# TASK TO CARRY OUT
Return only the count of lines in the listing below where the word "tnormZ" appears.

START DATA PROVIDED

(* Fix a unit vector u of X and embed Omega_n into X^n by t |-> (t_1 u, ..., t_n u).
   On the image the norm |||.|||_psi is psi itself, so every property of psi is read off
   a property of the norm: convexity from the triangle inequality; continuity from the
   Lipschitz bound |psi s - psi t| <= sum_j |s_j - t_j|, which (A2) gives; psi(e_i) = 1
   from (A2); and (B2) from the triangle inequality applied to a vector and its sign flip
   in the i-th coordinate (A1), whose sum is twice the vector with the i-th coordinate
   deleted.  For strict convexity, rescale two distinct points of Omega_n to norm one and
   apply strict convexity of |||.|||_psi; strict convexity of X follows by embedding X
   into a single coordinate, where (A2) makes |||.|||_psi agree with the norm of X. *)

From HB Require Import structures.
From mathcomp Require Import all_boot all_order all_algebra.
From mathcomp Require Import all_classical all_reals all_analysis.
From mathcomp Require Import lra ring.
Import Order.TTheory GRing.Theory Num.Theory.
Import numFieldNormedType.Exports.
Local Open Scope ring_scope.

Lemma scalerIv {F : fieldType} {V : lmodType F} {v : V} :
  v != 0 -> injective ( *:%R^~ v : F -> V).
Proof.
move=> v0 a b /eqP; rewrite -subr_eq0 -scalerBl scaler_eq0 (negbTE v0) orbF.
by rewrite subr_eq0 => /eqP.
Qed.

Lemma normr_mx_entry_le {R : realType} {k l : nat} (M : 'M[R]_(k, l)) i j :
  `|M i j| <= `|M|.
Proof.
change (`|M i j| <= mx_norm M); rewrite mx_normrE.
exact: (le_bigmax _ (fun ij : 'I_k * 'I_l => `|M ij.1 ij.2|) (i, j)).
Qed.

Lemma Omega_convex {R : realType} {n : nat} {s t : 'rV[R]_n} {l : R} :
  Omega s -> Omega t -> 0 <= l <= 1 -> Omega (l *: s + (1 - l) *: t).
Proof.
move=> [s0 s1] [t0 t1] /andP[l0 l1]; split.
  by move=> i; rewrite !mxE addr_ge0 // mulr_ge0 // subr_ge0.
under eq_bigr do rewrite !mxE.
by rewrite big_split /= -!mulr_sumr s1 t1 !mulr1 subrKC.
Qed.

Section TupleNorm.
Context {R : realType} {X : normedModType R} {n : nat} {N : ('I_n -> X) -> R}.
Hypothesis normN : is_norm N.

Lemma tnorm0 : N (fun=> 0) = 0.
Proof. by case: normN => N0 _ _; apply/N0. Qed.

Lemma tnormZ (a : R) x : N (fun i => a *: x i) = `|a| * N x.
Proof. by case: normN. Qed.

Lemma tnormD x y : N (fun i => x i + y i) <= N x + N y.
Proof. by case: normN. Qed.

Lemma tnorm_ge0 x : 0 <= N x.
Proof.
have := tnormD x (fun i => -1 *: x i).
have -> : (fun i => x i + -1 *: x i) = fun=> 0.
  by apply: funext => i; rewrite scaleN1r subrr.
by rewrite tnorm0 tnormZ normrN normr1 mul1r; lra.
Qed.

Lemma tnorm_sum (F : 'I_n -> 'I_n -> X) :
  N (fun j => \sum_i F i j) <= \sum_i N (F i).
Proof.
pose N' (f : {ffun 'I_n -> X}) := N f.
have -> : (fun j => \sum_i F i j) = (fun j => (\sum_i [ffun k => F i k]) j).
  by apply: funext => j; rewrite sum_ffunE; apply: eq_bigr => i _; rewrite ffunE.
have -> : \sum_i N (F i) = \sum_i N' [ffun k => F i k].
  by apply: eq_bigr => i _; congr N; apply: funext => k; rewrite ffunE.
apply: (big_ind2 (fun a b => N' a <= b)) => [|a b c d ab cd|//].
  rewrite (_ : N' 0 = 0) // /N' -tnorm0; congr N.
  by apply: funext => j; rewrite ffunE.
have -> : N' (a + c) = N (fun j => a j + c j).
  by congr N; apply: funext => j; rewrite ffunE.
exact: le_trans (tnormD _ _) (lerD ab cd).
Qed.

END DATA PROVIDED
START DATA PROVIDED

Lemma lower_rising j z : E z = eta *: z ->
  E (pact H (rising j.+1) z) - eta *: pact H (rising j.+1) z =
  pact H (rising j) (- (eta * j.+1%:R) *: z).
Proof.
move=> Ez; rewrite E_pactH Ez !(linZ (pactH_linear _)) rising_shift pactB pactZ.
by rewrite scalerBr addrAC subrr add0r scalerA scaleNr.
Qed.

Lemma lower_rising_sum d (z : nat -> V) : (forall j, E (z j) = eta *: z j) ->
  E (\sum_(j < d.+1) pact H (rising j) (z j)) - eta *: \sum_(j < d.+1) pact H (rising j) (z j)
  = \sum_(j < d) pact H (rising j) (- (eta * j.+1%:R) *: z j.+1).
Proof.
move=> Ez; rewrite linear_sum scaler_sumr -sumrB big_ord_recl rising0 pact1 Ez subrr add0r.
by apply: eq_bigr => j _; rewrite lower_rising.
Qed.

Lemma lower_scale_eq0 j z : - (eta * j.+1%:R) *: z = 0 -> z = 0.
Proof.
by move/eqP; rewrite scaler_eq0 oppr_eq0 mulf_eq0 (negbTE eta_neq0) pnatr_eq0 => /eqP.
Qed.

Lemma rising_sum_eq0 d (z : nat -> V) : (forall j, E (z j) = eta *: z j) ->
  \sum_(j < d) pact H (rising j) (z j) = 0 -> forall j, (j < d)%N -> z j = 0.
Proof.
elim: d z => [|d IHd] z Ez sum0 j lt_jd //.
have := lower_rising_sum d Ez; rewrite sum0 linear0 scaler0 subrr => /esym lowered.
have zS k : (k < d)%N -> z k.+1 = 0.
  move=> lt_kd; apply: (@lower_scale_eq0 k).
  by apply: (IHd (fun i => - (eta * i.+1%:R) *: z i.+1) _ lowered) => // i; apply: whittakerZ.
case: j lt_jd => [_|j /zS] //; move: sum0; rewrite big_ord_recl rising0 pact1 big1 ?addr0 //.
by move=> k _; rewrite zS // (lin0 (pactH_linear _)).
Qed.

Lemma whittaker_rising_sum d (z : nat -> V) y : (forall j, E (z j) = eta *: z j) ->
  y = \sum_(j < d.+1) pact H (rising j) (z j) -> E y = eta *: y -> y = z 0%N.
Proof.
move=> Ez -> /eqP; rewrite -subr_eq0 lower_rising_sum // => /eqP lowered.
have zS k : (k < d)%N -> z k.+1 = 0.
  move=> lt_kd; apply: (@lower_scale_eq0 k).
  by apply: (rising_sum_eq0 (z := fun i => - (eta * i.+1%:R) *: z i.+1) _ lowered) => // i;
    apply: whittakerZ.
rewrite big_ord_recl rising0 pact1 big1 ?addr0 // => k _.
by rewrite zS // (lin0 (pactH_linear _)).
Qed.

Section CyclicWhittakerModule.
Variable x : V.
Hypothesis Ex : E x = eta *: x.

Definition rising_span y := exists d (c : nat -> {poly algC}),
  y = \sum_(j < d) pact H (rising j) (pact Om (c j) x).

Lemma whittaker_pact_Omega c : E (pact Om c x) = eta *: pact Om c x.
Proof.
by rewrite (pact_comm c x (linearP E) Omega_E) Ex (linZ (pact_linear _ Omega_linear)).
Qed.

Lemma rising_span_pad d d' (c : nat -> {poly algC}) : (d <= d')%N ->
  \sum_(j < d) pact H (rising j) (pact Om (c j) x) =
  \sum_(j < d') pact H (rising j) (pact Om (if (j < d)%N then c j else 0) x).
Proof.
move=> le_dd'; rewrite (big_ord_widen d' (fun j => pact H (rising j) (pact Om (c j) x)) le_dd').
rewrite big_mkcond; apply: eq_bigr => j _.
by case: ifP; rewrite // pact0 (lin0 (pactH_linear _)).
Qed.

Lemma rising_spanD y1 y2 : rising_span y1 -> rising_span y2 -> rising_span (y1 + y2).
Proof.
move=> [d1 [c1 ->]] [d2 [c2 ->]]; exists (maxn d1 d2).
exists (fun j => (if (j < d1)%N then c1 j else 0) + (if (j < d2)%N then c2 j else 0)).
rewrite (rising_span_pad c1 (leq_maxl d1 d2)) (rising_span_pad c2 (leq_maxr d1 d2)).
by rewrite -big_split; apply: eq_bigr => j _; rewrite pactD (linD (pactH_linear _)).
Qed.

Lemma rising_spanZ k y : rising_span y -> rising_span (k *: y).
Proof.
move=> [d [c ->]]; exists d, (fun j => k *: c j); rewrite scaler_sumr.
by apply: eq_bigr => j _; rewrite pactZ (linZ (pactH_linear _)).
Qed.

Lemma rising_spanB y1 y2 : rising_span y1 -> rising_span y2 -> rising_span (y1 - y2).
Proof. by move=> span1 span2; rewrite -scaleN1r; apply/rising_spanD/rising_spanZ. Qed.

END DATA PROVIDED

# RESPONSE AREA
2